━━ Records to process
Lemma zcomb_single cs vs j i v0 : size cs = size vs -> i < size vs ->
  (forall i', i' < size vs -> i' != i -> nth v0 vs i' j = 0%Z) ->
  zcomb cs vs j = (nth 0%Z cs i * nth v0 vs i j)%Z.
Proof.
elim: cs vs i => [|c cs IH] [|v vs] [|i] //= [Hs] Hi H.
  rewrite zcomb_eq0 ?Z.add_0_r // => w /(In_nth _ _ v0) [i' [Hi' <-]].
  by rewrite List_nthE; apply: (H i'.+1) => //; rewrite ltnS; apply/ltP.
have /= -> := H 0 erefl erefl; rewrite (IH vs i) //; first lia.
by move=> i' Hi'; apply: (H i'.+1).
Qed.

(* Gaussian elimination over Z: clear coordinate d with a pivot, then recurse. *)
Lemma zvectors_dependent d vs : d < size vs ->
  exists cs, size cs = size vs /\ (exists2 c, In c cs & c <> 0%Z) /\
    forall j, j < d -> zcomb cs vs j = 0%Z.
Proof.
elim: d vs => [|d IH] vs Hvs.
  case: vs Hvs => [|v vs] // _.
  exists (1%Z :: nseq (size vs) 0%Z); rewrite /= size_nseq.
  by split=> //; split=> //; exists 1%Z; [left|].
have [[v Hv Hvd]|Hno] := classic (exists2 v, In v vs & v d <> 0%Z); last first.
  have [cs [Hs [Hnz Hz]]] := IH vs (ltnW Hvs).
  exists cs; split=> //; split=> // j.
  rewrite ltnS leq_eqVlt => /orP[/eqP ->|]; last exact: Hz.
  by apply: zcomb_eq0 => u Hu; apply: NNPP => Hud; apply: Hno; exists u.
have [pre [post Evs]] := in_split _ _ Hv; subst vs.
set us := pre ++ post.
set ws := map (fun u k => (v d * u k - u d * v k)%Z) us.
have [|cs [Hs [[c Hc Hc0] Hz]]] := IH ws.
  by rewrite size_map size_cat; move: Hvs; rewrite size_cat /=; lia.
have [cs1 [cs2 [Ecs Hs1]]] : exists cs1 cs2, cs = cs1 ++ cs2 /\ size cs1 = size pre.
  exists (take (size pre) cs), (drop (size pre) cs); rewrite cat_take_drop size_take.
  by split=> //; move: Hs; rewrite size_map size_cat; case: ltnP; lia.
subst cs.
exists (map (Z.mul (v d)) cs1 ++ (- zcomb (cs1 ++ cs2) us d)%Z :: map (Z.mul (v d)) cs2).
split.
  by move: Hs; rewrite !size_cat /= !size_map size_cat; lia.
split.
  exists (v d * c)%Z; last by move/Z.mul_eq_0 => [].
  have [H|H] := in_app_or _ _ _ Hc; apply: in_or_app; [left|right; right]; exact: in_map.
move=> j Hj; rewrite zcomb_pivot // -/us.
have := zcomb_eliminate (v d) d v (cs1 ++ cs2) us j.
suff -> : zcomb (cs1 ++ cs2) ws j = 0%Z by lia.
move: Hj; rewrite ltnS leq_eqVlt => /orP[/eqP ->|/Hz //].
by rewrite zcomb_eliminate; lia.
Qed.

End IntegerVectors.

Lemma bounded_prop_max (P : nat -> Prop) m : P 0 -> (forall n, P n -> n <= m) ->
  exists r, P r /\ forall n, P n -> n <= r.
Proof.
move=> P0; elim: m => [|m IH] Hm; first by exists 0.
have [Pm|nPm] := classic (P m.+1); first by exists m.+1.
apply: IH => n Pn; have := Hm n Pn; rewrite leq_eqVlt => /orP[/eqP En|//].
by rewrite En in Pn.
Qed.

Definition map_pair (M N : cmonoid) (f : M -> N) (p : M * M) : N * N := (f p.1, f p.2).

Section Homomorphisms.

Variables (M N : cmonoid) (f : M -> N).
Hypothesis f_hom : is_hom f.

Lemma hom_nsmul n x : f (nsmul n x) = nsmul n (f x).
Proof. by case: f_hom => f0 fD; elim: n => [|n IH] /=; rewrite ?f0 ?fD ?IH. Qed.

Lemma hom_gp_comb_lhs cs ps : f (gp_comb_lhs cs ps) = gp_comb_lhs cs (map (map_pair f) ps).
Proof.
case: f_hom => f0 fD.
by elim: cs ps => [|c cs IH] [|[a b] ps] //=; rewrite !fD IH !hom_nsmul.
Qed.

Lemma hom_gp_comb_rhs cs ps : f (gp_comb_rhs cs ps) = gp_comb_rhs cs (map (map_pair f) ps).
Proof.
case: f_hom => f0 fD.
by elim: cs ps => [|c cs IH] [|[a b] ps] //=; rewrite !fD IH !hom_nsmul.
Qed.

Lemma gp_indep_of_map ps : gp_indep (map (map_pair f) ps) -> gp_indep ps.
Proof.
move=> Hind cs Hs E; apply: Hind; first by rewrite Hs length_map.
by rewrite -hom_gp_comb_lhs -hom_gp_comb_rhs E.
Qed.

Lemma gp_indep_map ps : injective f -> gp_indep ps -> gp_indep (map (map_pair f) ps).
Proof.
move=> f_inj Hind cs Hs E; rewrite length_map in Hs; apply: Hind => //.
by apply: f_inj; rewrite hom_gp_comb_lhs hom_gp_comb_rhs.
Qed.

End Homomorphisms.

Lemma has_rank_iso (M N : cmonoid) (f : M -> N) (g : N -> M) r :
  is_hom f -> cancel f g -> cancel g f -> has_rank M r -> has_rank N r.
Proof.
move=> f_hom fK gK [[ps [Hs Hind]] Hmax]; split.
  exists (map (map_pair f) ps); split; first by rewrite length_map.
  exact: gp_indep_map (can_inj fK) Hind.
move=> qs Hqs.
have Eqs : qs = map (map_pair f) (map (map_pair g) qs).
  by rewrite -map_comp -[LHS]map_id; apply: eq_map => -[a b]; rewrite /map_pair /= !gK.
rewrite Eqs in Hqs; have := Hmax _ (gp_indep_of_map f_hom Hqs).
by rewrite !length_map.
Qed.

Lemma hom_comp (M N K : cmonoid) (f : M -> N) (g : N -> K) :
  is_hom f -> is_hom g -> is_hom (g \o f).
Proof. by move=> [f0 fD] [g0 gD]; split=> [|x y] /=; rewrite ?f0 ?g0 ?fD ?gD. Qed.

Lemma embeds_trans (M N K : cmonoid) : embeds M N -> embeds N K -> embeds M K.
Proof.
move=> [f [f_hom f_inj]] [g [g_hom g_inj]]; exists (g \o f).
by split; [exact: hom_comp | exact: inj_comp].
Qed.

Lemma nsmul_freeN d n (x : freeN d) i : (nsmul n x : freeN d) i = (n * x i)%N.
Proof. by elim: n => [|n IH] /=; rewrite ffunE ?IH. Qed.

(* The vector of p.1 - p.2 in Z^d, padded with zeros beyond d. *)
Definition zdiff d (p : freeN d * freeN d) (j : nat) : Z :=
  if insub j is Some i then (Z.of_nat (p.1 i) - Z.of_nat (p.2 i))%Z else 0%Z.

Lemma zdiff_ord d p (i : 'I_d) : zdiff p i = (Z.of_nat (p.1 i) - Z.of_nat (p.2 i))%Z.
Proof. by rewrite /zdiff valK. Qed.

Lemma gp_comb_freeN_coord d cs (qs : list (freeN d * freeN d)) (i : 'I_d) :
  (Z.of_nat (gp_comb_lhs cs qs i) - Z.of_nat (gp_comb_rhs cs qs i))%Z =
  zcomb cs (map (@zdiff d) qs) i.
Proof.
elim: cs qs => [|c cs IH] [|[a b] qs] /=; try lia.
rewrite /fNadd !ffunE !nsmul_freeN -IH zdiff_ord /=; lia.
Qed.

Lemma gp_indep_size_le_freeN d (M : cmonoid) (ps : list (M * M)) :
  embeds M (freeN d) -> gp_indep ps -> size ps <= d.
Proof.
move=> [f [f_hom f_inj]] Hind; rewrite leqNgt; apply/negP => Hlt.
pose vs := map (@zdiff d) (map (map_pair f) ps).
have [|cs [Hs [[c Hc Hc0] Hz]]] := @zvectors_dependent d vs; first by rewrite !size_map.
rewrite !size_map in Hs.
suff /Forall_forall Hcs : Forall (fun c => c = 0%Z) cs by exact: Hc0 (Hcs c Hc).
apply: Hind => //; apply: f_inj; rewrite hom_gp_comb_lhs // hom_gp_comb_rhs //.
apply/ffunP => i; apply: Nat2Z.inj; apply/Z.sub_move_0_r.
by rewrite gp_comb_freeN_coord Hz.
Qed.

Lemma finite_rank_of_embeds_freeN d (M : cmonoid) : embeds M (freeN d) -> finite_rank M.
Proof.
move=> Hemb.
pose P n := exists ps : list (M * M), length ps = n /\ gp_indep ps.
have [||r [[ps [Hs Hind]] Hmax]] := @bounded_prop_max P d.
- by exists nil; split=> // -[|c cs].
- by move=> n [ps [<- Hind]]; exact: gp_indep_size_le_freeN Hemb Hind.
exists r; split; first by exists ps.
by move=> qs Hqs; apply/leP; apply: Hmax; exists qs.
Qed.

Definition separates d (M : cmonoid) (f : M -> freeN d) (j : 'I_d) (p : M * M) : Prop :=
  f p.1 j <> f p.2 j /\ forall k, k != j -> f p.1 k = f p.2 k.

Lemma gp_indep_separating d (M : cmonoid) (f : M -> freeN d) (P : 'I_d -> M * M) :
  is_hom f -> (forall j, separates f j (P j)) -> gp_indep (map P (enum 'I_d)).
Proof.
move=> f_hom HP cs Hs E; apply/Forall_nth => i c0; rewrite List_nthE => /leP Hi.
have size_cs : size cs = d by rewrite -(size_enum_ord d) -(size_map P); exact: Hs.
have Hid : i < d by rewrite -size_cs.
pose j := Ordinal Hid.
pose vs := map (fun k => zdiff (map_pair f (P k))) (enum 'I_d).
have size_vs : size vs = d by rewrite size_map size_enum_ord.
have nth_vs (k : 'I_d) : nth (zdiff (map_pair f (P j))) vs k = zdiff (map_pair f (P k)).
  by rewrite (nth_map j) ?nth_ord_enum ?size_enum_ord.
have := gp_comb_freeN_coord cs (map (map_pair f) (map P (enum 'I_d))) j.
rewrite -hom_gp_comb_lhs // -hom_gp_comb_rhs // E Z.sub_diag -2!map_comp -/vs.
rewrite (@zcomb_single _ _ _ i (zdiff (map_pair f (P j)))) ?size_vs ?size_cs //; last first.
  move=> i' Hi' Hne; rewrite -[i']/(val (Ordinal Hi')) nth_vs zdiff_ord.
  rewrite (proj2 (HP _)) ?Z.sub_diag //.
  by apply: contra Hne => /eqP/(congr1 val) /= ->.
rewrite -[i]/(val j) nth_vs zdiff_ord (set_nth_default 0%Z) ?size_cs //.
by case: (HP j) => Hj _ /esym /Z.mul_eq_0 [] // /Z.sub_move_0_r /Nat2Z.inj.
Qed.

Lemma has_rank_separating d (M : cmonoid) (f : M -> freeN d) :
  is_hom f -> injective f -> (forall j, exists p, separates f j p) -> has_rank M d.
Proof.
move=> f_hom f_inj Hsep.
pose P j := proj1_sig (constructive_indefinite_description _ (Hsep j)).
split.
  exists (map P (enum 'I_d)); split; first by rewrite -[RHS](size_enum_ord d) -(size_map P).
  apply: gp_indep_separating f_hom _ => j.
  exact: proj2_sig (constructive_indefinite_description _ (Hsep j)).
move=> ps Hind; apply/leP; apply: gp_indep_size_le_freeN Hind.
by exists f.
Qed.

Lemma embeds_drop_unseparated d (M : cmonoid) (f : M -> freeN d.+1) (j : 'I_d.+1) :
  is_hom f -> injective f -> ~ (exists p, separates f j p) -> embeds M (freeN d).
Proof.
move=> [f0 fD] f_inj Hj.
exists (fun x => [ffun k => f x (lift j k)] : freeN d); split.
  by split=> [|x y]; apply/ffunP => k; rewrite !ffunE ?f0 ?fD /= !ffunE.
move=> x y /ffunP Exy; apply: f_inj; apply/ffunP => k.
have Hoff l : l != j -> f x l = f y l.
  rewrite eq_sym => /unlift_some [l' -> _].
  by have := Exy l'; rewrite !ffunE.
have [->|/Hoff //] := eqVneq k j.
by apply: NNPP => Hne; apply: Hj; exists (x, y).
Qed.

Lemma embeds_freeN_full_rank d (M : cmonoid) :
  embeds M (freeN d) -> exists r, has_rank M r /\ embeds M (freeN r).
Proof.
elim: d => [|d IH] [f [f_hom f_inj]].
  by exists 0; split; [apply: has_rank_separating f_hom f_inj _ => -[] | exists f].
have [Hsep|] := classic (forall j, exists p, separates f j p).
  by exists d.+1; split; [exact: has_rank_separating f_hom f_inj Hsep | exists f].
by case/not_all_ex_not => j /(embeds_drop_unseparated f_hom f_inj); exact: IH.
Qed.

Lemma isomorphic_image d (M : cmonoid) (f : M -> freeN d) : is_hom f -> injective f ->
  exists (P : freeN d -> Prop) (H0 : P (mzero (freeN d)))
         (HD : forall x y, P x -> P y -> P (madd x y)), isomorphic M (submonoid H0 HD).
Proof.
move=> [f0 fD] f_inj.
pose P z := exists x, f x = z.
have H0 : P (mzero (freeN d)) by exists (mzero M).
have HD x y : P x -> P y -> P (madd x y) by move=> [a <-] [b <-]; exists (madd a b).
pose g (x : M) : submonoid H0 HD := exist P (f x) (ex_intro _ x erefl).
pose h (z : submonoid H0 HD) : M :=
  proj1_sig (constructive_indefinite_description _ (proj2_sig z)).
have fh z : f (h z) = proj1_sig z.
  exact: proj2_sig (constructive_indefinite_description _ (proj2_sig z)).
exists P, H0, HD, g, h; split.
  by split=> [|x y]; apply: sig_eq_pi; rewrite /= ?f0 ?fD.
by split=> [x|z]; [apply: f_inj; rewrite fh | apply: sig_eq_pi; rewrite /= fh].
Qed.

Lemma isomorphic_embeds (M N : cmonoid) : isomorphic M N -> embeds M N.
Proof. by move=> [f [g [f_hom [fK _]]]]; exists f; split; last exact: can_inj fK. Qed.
━━━━
**What the task asks**
Reproduce exactly, and with no other material, the lines between those holding "(* The vector" and "have [|cs [Hs [[c Hc Hc0] Hz]]] := @zvectors_dependent", inclusive.

**Written solution**
(* The vector of p.1 - p.2 in Z^d, padded with zeros beyond d. *)
Definition zdiff d (p : freeN d * freeN d) (j : nat) : Z :=
  if insub j is Some i then (Z.of_nat (p.1 i) - Z.of_nat (p.2 i))%Z else 0%Z.

Lemma zdiff_ord d p (i : 'I_d) : zdiff p i = (Z.of_nat (p.1 i) - Z.of_nat (p.2 i))%Z.
Proof. by rewrite /zdiff valK. Qed.

Lemma gp_comb_freeN_coord d cs (qs : list (freeN d * freeN d)) (i : 'I_d) :
  (Z.of_nat (gp_comb_lhs cs qs i) - Z.of_nat (gp_comb_rhs cs qs i))%Z =
  zcomb cs (map (@zdiff d) qs) i.
Proof.
elim: cs qs => [|c cs IH] [|[a b] qs] /=; try lia.
rewrite /fNadd !ffunE !nsmul_freeN -IH zdiff_ord /=; lia.
Qed.

Lemma gp_indep_size_le_freeN d (M : cmonoid) (ps : list (M * M)) :
  embeds M (freeN d) -> gp_indep ps -> size ps <= d.
Proof.
move=> [f [f_hom f_inj]] Hind; rewrite leqNgt; apply/negP => Hlt.
pose vs := map (@zdiff d) (map (map_pair f) ps).
have [|cs [Hs [[c Hc Hc0] Hz]]] := @zvectors_dependent d vs; first by rewrite !size_map.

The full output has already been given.